Witajcie!
Powracam po prawie rocznej przerwie!
Powracam niestety tylko po to, żeby przekazać, że odchodzę.
Z kontem Weronikel wiążę całe mnóstwo wspomnień. Moja biblioteka, stare, teraz godne pożałowania prace, rozmowy w wattpadowym community, mnóstwo świetnych, poruszających prac na jakie się tu natknęłam... te rzeczy zachowuję na dnie serducha i wspominam z ogromnym sentymentem.
To konto jednak wiążę się z fragmentem mojego życia, w którym ta aplikacja była moją najlepszą przyjaciółką (z drugą najlepszą łączyła mnie toksyczna relacja, z której koniec końców na szczęście zdołałam się wydostać), plus zawirowania w życiu prywatnym.

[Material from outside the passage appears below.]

(* Let $\mathcal Y=(\Gamma,T)$ be a coherent configuration, $m\ge1$, $\Delta=\{1,\dots,m\}$, $L\le\mathrm{Sym}(\Delta)$, and $\mathcal X=\mathcal Y\uparrow L=(\Omega,S)$ with $\Omega=\Gamma^m$. For $\alpha,\beta\in\Omega$ let $d(\alpha,\beta)$ be the number of $i\in\Delta$ with $\alpha_i\neq\beta_i$, let $r_i=\{(\alpha,\beta):d(\alpha,\beta)=i\}$ for $0\le i\le m$, $r_{-1}=\emptyset$ and $r=r_1$. Fix $\gamma_0\in\Gamma$, let $\alpha\in\Omega$ be the point with all coordinates $\gamma_0$, and for $i\in\Delta$ let $\Gamma_i=\{\beta\in\Omega:d(\alpha,\beta)=1,\ \beta_i\ne\gamma_0\}$, so that $\alpha r=\{\beta:(\alpha,\beta)\in r\}$ is the disjoint union of the $\Gamma_i$. Then the map $\rho:\Omega\to2^{\alpha r}$, $\beta\mapsto\beta r_{d-1}\cap\alpha r$ where $d=d(\alpha,\beta)$ (and $\beta r_{d-1}=\{\delta:(\beta,\delta)\in r_{d-1}\}$), is injective and its image is $\{\Lambda\subseteq\alpha r: |\Lambda\cap\Gamma_i|\le 1\text{ for all }i\in\Delta\}$. In particular, the set $\alpha r$ is a base of the coherent configuration $\mathcal X_\alpha$.
   Context: A coherent configuration on a finite set $\Omega$ is $(\Omega,S)$ with $S$ a partition of $\Omega\times\Omega$ such that $1_\Omega$ is a union of elements of $S$, $s^*=\{(\beta,\alpha):(\alpha,\beta)\in s\}\in S$, and for $r,s,t\in S$ the number $|\{\gamma:(\alpha,\gamma)\in r,(\gamma,\beta)\in s\}|$ is independent of $(\alpha,\beta)\in t$; fibers are sets $\Gamma$ with $1_\Gamma\in S$. Exponentiation: for $t_1,\dots,t_m\in T$ put $t_1\otimes\dots\otimes t_m=\{(\alpha,\beta)\in\Gamma^m\times\Gamma^m:(\alpha_i,\beta_i)\in t_i\ \forall i\}$; $L$ acts on $\Gamma^m$ by permuting coordinates and hence on such relations; $\mathcal Y\uparrow L=(\Gamma^m,\{\bigcup_{l\in L}t^l:t=t_1\otimes\dots\otimes t_m,\ t_i\in T\})$, a coherent configuration. A fission of $\mathcal X$ is a coherent configuration on $\Omega$ whose relations (unions of basic relations) include those of $\mathcal X$; complete: all basic relations singletons. $\mathcal X_\alpha$ is the smallest fission of $\mathcal X$ in which $\{\alpha\}$ is a fiber. A set $B$ is a base of a coherent configuration $\mathcal Z$ if the smallest fission of $\mathcal Z$ in which every $\{\beta\}$, $\beta\in B$, is a fiber is complete. *)

From mathcomp Require Import all_boot all_order all_algebra all_fingroup.
Set Implicit Arguments. Unset Strict Implicit. Unset Printing Implicit Defensive.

Wydawało mi się, że samotne przesiadywanie całymi dniami i czytanie opowiadań to jedyne, czego mi potrzeba. W skrócie: przechodziłam swój własny, dziwny emo phase, i nie do końca wspominam go dobrze. Druga połowa 2019 pokazała mi jednak, że na tym świecie są ludzie, z którymi łączę pasje i sposób myślenia - był to moment, w którym skupiłam się właśnie na nich, zaniedbując wattpadowe konto.
Z Weronikelem wiążę pozytywne, jak i negatywne wspomnienia. Zamiast przekopywać i modyfikować to, co zostało, wolę się pozbyć bagażu, zostawiając go jako urwany, cyfrowy ślad w internecie. Konto zostawiam opuszczone. Przekopanie całej biblioteki byłoby bardzo czasochłonne i wzbudzające niepotrzebny sentyment, więc po prostu zostawię to tak, jak jest.
Do wszystkich, z którymi interagowałam przez te ostatnie trzy lata, których prace komentowałam, lub którzy śledzili losy postaci moich prac: dziękuję, kochani, że tu byliście. Sprawiliście, że chciałam się rozwijać, szukać, eksplorować, czytać i doświadczać. Dziękuję.
Oczywiście, ten proces rozwijania się, szukania, eksplorowania, czytania i doświadczania trwa dalej - odszukacie je na koncie Weru-Weru, jeśli ktoś jest zainteresowany moim turlaniem się przez życie, serdecznie zapraszam do obserwowania.
Buziaki, żegnajcie!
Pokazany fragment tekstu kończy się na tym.